Adhesive products have different ease-of-use characteristics. Some must be precisely weighed and mixed prior to use. Some need a carefully controlled heat cycle to cure properly. Some have a precarious pot life. Some offer a narrow window of open time. And then there are the UV curable compounds.
This diverse group of adhesives, sealants, and encapsulants cures only when activated by a suitable UV light source. As one-component materials, they don’t require labor intensive weighing or mixing steps. With the exception of special dual-cure systems, UV curable compounds require no heat cycle.
These adhesives also remain stable for long periods of time, with shelf a life of six months or more if kept away from UV light. And because they cure on demand when users turn on the UV light, they offer an unlimited open time.
The UV cure mechanism provides a couple of other practical benefits as well. For one, UV curables are among the most environmentally friendly adhesives because they emit no volatile compounds as they harden (see "Easy On the Environment" below). For another, the light-initiated cure takes place both quickly and at low temperatures. So, substrates experience little or no noticeable temperature change. This “cool cure” makes these adhesive products a natural fit for a wide range of heat-sensitive substrates and components.
Taken together, these characteristics put UV curable among the most user-friendly adhesive products on the market today.
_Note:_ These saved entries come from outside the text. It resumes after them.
Lemma stabilizing_sol_unique A Q D P :
  Q^T = Q -> D^T = D -> stabilizing_sol A Q D P -> unique_stabilizing_sol A Q D P.
Proof.
move=> symQ symD stabP; split=> // Y [ricY hurY].
have ricY' : riccati_res A Q D Y = 0 := ricY.
have ricP' : riccati_res A Q D P = 0 := stabP.1.
have : (A - D *m P)^T *m (Y - P) + (Y - P) *m (A - D *m Y) = 0.
  by rewrite trmx_closed_loop // (stabilizing_sol_sym symQ symD stabP) (riccati_resB _ Q)
    ricY' ricP' subrr.
by move/(lyapunov_eq0 stabP.2 hurY)/eqP; rewrite subr_eq0 => /eqP.
Qed.

End Riccati.

Section GraphMatrices.
Variables (F : comNzRingType) (n : nat).
Implicit Types P : 'M[F]_n.

Definition graph_mx P : 'M[F]_(n + n, n) := col_mx 1%:M P.

Definition graph_ann P : 'M[F]_(n, n + n) := row_mx (- P) 1%:M.

Lemma usubmx_graph_mx P m (M : 'M[F]_(n, m)) : usubmx (graph_mx P *m M) = M.
Proof. by rewrite /graph_mx mul_col_mx col_mxKu mul1mx. Qed.

Lemma graph_ann_eq0 P (x : 'cV[F]_(n + n)) :
  graph_ann P *m x = 0 -> x = graph_mx P *m usubmx x.
Proof.
rewrite -[x]vsubmxK col_mxKu /graph_ann /graph_mx mul_row_col mul_col_mx.
by rewrite !mul1mx mulNmx => /eqP; rewrite addrC subr_eq0 => /eqP ->.
Qed.

Lemma graph_mx_trJ P : P^T = P -> (graph_mx P)^T *m Jmx n = graph_ann P.
Proof.
move=> symP; rewrite /graph_mx /graph_ann /Jmx tr_col_mx tr_scalar_mx symP.
by rewrite mul_row_block !mulmx0 !mul1mx mulmxN mulmx1 add0r addr0.
Qed.

End GraphMatrices.

Lemma cmx_graph_mx (R : realType) n (P : 'M[R]_n) : cmx (graph_mx P) = graph_mx (cmx P).
Proof. by rewrite /graph_mx cmx_col_mx cmx1. Qed.

Lemma cmx_graph_ann (R : realType) n (P : 'M[R]_n) : cmx (graph_ann P) = graph_ann (cmx P).
Proof. by rewrite /graph_ann cmx_row_mx cmxN cmx1. Qed.

Section PairDyad.
Variables (F : fieldType) (n : nat).
Implicit Types v w : 'cV[F]_(n + n).

Lemma Jmx_tr : (Jmx n : 'M[F]_(n + n))^T = - Jmx n.
Proof.
rewrite /Jmx tr_block_mx !trmx0 tr_scalar_mx raddfN /= tr_scalar_mx.
by rewrite opp_block_mx !oppr0 opprK.
Qed.

Definition sympl_form v w : F := (v^T *m Jmx n *m w) 0 0.

Definition pair_dyad v w : 'M[F]_(n + n) :=
  let theta := (sympl_form v w)^-1 in
  v *m (theta *: (Jmx n *m w))^T + w *m (theta *: (Jmx n *m v))^T.

Lemma sympl_formC v w : sympl_form w v = - sympl_form v w.
Proof.
rewrite /sympl_form; have -> : w^T *m Jmx n *m v = - (v^T *m Jmx n *m w)^T.
  by rewrite !trmx_mul trmxK Jmx_tr mulNmx linearN /= opprK mulmxA.
by rewrite !mxE.
Qed.

Lemma pair_dyadC v w : pair_dyad w v = - pair_dyad v w.
Proof.
by rewrite /pair_dyad sympl_formC invrN !scaleNr !raddfN /= opprD addrC.
Qed.

Lemma pair_dyadE v w :
  pair_dyad v w = (- (sympl_form v w)^-1 *: (v *m w^T + w *m v^T)) *m Jmx n.
Proof.
rewrite /pair_dyad !linearZ /= !trmx_mul Jmx_tr !mulmxN !mulmxA -scalemxAl mulmxDl.
by rewrite scaleNr !scalerN scalerDr opprD.
Qed.

Lemma pair_dyad_graph (P : 'M[F]_n) v w : P^T = P ->
  pair_dyad v w *m graph_mx P
  = (sympl_form v w)^-1 *: (v *m (graph_ann P *m w)^T + w *m (graph_ann P *m v)^T).
Proof.
move=> symP; have JxR x : (Jmx n *m x)^T *m graph_mx P = (graph_ann P *m x)^T.
  by rewrite -(graph_mx_trJ symP) !trmx_mul trmxK mulmxA.
rewrite /pair_dyad mulmxDl -!mulmxA !linearZ /= -!scalemxAl -!scalemxAr.
by rewrite !JxR scalerDr.
Qed.

Lemma sympl_form_graph (P : 'M[F]_n) v w : P^T = P -> graph_ann P *m v = 0 ->
  sympl_form v w = ((usubmx v)^T *m (graph_ann P *m w)) 0 0.
Proof.
move=> symP /graph_ann_eq0 ->; rewrite usubmx_graph_mx /sympl_form trmx_mul.
by rewrite -(graph_mx_trJ symP) !mulmxA.
Qed.

End PairDyad.

Section Hamiltonian.
Variables (R : realType) (n : nat).
Implicit Types A Q D P : 'M[R]_n.

Lemma hamiltonian_graph_mx A Q D P : riccati A Q D P ->
  hamiltonian A Q D *m graph_mx P = graph_mx P *m (A - D *m P).
Proof.
move=> /matrixP ricP; rewrite /hamiltonian /graph_mx mul_block_col mul_col_mx.
rewrite !mulmx1 mul1mx mulmxBr mulmxA !mulNmx; congr col_mx.
by apply/matrixP=> i j; have := ricP i j; rewrite !mxE => ?; lra.
Qed.

Lemma graph_ann_hamiltonian A Q D P : D^T = D -> P^T = P -> riccati A Q D P ->
  graph_ann P *m hamiltonian A Q D = - (A - D *m P)^T *m graph_ann P.
Proof.
move=> symD symP /matrixP ricP; rewrite trmx_closed_loop // symP.
rewrite /hamiltonian /graph_ann mul_row_block mul_mx_row !mulmx1 !mulNmx !mulmxN.
rewrite !mul1mx !mulmxBl; congr row_mx;
  by apply/matrixP=> i j; have := ricP i j; rewrite !mxE => ?; lra.
Qed.

Lemma graph_ann_hamiltonian_graph A Q D P :
  graph_ann P *m hamiltonian A Q D *m graph_mx P = - riccati_res A Q D P.
Proof.
rewrite /hamiltonian /graph_ann /graph_mx mul_row_block mul_row_col /riccati_res.
rewrite !mul1mx !mulmx1 !mulmxN !mulNmx !opprK !mulmxDl -!mulmxA !mulNmx.
by apply/matrixP=> i j; rewrite !mxE; ring.
Qed.

Lemma usubmx_hamiltonian_graph A Q D P :
  usubmx (hamiltonian A Q D *m graph_mx P) = A - D *m P.
Proof.
rewrite /hamiltonian /graph_mx mul_block_col col_mxKu.
by rewrite mulmx1 mulNmx.
Qed.

Lemma hamiltonian_addJ A Q D (S : 'M[R]_(n + n)) :
  Q^T = Q -> D^T = D -> S^T = S ->
  exists At Qt Dt, [/\ Qt^T = Qt, Dt^T = Dt &
    hamiltonian A Q D + S *m Jmx n = hamiltonian At Qt Dt].
Proof.
move=> symQ symD; rewrite -[S]submxK tr_block_mx.
move=> /eq_block_mx [sym11 /matrixP tr21 _ sym22].
exists (A - ursubmx S), (Q + drsubmx S), (D - ulsubmx S); split.
- by rewrite raddfD /= sym22 symQ.
- by rewrite raddfB /= sym11 symD.
rewrite /hamiltonian /Jmx mulmx_block !mulmx0 !mulmxN !mulmx1 !add0r !addr0.
by rewrite add_block_mx; congr block_mx; apply/matrixP=> i j;
  have := tr21 j i; rewrite !mxE => ?; lra.
Qed.

Lemma hamiltonian_perturbation_stabilizing A Q D P At Qt Dt (E : 'M[R]_(n + n)) :
  Qt^T = Qt -> Dt^T = Dt -> riccati A Q D P ->
  hamiltonian A Q D + E = hamiltonian At Qt Dt ->
  graph_ann P *m E *m graph_mx P = 0 ->
  hurwitz (A - D *m P + usubmx (E *m graph_mx P)) ->
  unique_stabilizing_sol At Qt Dt P.
Proof.
move=> symQt symDt ricP eqH annE hurE.
have ricPt : riccati_res At Qt Dt P = 0.
  rewrite -[LHS]opprK -graph_ann_hamiltonian_graph -eqH mulmxDr mulmxDl annE addr0.
  by rewrite graph_ann_hamiltonian_graph opprK.
have closed_loop : At - Dt *m P = A - D *m P + usubmx (E *m graph_mx P).
  by rewrite -(usubmx_hamiltonian_graph At Qt) -eqH mulmxDl raddfD /=
    usubmx_hamiltonian_graph.
apply: (stabilizing_sol_unique symQt symDt); split; first exact: ricPt.
by rewrite closed_loop.
Qed.

End Hamiltonian.

Lemma hamiltonian_add_Re_pair_dyad (R : realType) n (A Q D : 'M[R]_n) (c : R)
    (v w : 'cV[R[i]]_(n + n)) :
  Q^T = Q -> D^T = D ->
  exists At Qt Dt, [/\ Qt^T = Qt, Dt^T = Dt &
    hamiltonian A Q D + c *: Remx (pair_dyad v w) = hamiltonian At Qt Dt].
Proof.
move=> symQ symD; rewrite pair_dyadE -cmx_Jmx Remx_mulmxr scalemxAl.
apply: (hamiltonian_addJ _ symQ symD).
by rewrite linearZ /= -Remx_tr linearZ /= raddfD /= !trmx_mul !trmxK addrC.
Qed.

Section StabilizingSubspace.
Variables (R : realType) (n : nat) (A Q D P : 'M[R]_n).
Hypotheses (symQ : Q^T = Q) (symD : D^T = D) (stabP : stabilizing_sol A Q D P).

Local Notation Hc := (cmx (hamiltonian A Q D)).
Local Notation Pc := (cmx P).
Local Notation Acl := (A - D *m P).

Let symP : P^T = P := stabilizing_sol_sym symQ symD stabP.

Let symPc : Pc^T = Pc.
Proof. by rewrite -cmxT symP. Qed.

Lemma hamiltonian_graph_cmx : Hc *m graph_mx Pc = graph_mx Pc *m cmx Acl.
Proof. by rewrite -cmx_graph_mx -!cmxM (hamiltonian_graph_mx stabP.1). Qed.

Lemma graph_ann_hamiltonian_cmx : graph_ann Pc *m Hc = - (cmx Acl)^T *m graph_ann Pc.
Proof.
by rewrite -cmx_graph_ann -cmxM (graph_ann_hamiltonian symD symP stabP.1) cmxM cmxN cmxT.
Qed.

Lemma graph_ann_eigvec (w : 'cV[R[i]]_(n + n)) lam : Hc *m w = lam *: w ->
  (graph_ann Pc *m w)^T *m cmx Acl = - lam *: (graph_ann Pc *m w)^T.
Proof.
move=> Hw; apply: trmx_inj; rewrite trmx_mul trmxK linearZ /= trmxK.
have : - (cmx Acl)^T *m (graph_ann Pc *m w) = lam *: (graph_ann Pc *m w).
  by rewrite mulmxA -graph_ann_hamiltonian_cmx -mulmxA Hw scalemxAr.
by rewrite scaleNr mulNmx => <-; rewrite opprK.
Qed.

Lemma graph_ann_eigvec_Re (w : 'cV[R[i]]_(n + n)) lam :
  Hc *m w = lam *: w -> graph_ann Pc *m w != 0 -> 0 < complex.Re lam.
Proof.
move=> Hw Lw_neq0; rewrite -oppr_lt0 -ReN; apply: stabP.2; apply/eigenvalueP.
by exists (graph_ann Pc *m w)^T; [exact: graph_ann_eigvec | rewrite trmx_eq0].
Qed.

Lemma graph_ann_eigvec_pair (v w : 'cV[R[i]]_(n + n)) mu :
  Hc *m v = mu *: v -> Hc *m w = - mu *: w ->
  graph_ann Pc *m v = 0 \/ graph_ann Pc *m w = 0.
Proof.
move=> Hv Hw; have [|Lv_neq0] := eqVneq (graph_ann Pc *m v) 0; [by left | right].
apply/eqP; apply: contraTT (graph_ann_eigvec_Re Hv Lv_neq0).
by move=> /(graph_ann_eigvec_Re Hw); rewrite ReN oppr_gt0 => /lt_gtF ->.
Qed.

Lemma graph_eigvec (v : 'cV[R[i]]_(n + n)) mu :
  graph_ann Pc *m v = 0 -> Hc *m v = mu *: v ->
  cmx Acl *m usubmx v = mu *: usubmx v.
Proof.
move=> /graph_ann_eq0 v_graph Hv.
rewrite -[LHS](usubmx_graph_mx Pc) mulmxA -hamiltonian_graph_cmx -mulmxA -v_graph Hv.
by apply/matrixP=> i j; rewrite !mxE.
Qed.

Lemma pair_perturbation_stabilizing (v w : 'cV[R[i]]_(n + n)) mu dmu At Qt Dt :
  Hc *m v = mu *: v -> Hc *m w = - mu *: w -> complex.Im mu != 0 ->
  graph_ann Pc *m v = 0 -> sympl_form v w != 0 -> -1 < dmu / complex.Re mu ->
  Qt^T = Qt -> Dt^T = Dt ->
  hamiltonian A Q D + (2 * dmu) *: Remx (pair_dyad v w) = hamiltonian At Qt Dt ->
  unique_stabilizing_sol At Qt Dt P.
Proof.
move=> Hv Hw mu_nonreal Lv k_neq0 dmu_gt symQt symDt eqH.
set y := (sympl_form v w)^-1 *: (graph_ann Pc *m w).
have Kgraph : pair_dyad v w *m graph_mx Pc = v *m y^T.
  by rewrite pair_dyad_graph // Lv trmx0 mulmx0 addr0 /y linearZ /= scalemxAr.
have Lw_neq0 : graph_ann Pc *m w != 0.
  by apply: contraNneq k_neq0 => Lw; rewrite (sympl_form_graph _ symPc Lv) Lw mulmx0 mxE.
have Re_mu_lt0 : complex.Re mu < 0.
  by have := graph_ann_eigvec_Re Hw Lw_neq0; rewrite ReN oppr_gt0.
apply: (hamiltonian_perturbation_stabilizing symQt symDt stabP.1 eqH).
  rewrite -scalemxAr -scalemxAl -Remx_mulmxl -Remx_mulmxr cmx_graph_ann cmx_graph_mx.
  by rewrite -mulmxA Kgraph mulmxA Lv mul0mx Remx0 scaler0.
have -> : usubmx ((2 * dmu) *: Remx (pair_dyad v w) *m graph_mx P)
          = (2 * dmu) *: Remx (usubmx v *m y^T).
  rewrite -scalemxAl -Remx_mulmxr cmx_graph_mx Kgraph mul_usub_mx Remx_usubmx.
  by apply/matrixP=> i j; rewrite !mxE.
apply: (hurwitz_add_Re_dyad stabP.2 (graph_eigvec Lv Hv) _ _ mu_nonreal).
- rewrite /y linearZ /= -scalemxAl (graph_ann_eigvec Hw) opprK.
  by rewrite scalerA mulrC -scalerA.
- rewrite /y linearZ /= -scalemxAl -[_ *m usubmx v]trmxK trmx_mul trmxK.
  rewrite [_ *m (graph_ann Pc *m w)]mx11_scalar -(sympl_form_graph _ symPc Lv).
  by rewrite tr_scalar_mx scale_scalar_mx mulVf.
by move: dmu_gt; rewrite ltr_ndivlMr // mulN1r => ?; lra.
Qed.

End StabilizingSubspace.

Unset Implicit Arguments.
Set Strict Implicit.
Set Printing Implicit Defensive.

Theorem theorem2 (R : realType) (n : nat) (A Q D P : 'M[R]_n)
  (symQ : Q^T = Q) (symD : D^T = D)
  (hstab : stabilizable A D) (hdet : detectable Q A)
  (hP : unique_stabilizing_sol A Q D P)
  (mu : R[i]) (v vm : 'cV[R[i]]_(n + n))
  (mu_nonreal : complex.Im mu != 0)
  (hv : v != 0) (hvE : cmx (hamiltonian A Q D) *m v = mu *: v)
  (hvm : vm != 0) (hvmE : cmx (hamiltonian A Q D) *m vm = (- mu) *: vm)
  (hmult : semisimple_eig (cmx (hamiltonian A Q D)) mu)
  (hpair : (v^T *m Jmx n *m vm) 0 0 != 0)
  (dmu : R) :
  let theta := ((v^T *m Jmx n *m vm) 0 0)^-1 in
  let p := theta *: (Jmx n *m vm) in
  let q := theta *: (Jmx n *m v) in
  exists At Qt Dt : 'M[R]_n,
    [/\ Qt^T = Qt, Dt^T = Dt,
        hamiltonian A Q D + (2 * dmu) *: Remx (v *m p^T + vm *m q^T)
          = hamiltonian At Qt Dt
      & dmu / complex.Re mu > -1 -> unique_stabilizing_sol At Qt Dt P].
Proof.
move=> theta p q.
have [At [Qt [Dt [symQt symDt eqH]]]] :=
  hamiltonian_add_Re_pair_dyad A (2 * dmu) v vm symQ symD.
exists At, Qt, Dt; split; [exact: symQt | exact: symDt | exact: eqH | move=> dmu_gt].
have stabP := hP.1.
have [Lv | Lvm] := graph_ann_eigvec_pair symQ symD stabP hvE hvmE.
  exact: (pair_perturbation_stabilizing symQ symD stabP hvE hvmE mu_nonreal Lv hpair
    dmu_gt symQt symDt eqH).
(* Swapping v and vm negates mu, dmu and the pair dyad. *)
apply: (pair_perturbation_stabilizing symQ symD stabP (w := v) (mu := - mu) (dmu := - dmu)
  hvmE _ _ Lvm _ _ symQt symDt).
- by rewrite opprK.
- by rewrite ImN oppr_eq0.
- by rewrite sympl_formC oppr_eq0.
- by rewrite ReN invrN mulrNN.
by rewrite pair_dyadC RemxN scalerN -scaleNr -mulrN opprK.
Qed.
Here’s a closer look at the capabilities of UV curable formulations, the requirements for an optimal cure, and the best applications for these beneficial adhesives:
UV Curable Capabilities
UV curable products come in many different formulations, for use in a wide range of bonding, sealing, and encapsulation applications, but they tend to share many features and capabilities.
After exposure to UV light, these compounds form rugged thermoset materials with excellent durability, strength, hardness, impact resistance, adhesion, and electrical properties (see table below). These compounds cover a service temperature range from -80° to 350°F and offer good chemical resistance even in the presence of moisture or heat.
Popular Master Bond UV curable products and applications.
Today’s second generation UV curables also exhibit a particularly low shrinkage rate, which improves dimensional stability and can even help prevent substrates from warping. It’s also an advantage when applying UV compounds in thick cross sections. With today’s formulations, thicknesses up to 1/2-inch are far easier to attain than with first-generation products.
In-depth curing greatly extends the range of applications - particularly to the potting and encapsulation of sensitive electronic components like integrated circuits, light emitting diodes, high-voltage coils, and optical fibers. Additionally, in-depth cure enables bonding and potting applications involving printed circuit boards, capacitor seals, and electrical connectors.
The Right Light
Because they are 100 percent reactive and not inhibited by oxygen, Master Bond’s UV cure reactions can take place at ambient temperatures and in the presence of air. When fully exposed to a suitable light source without any shadowing, they can cure in a minute or less.
Even after the light source has been removed, the cure reaction will continue until all the UV reacting species have been consumed. This capability allows users to make the most economical use of UV energy.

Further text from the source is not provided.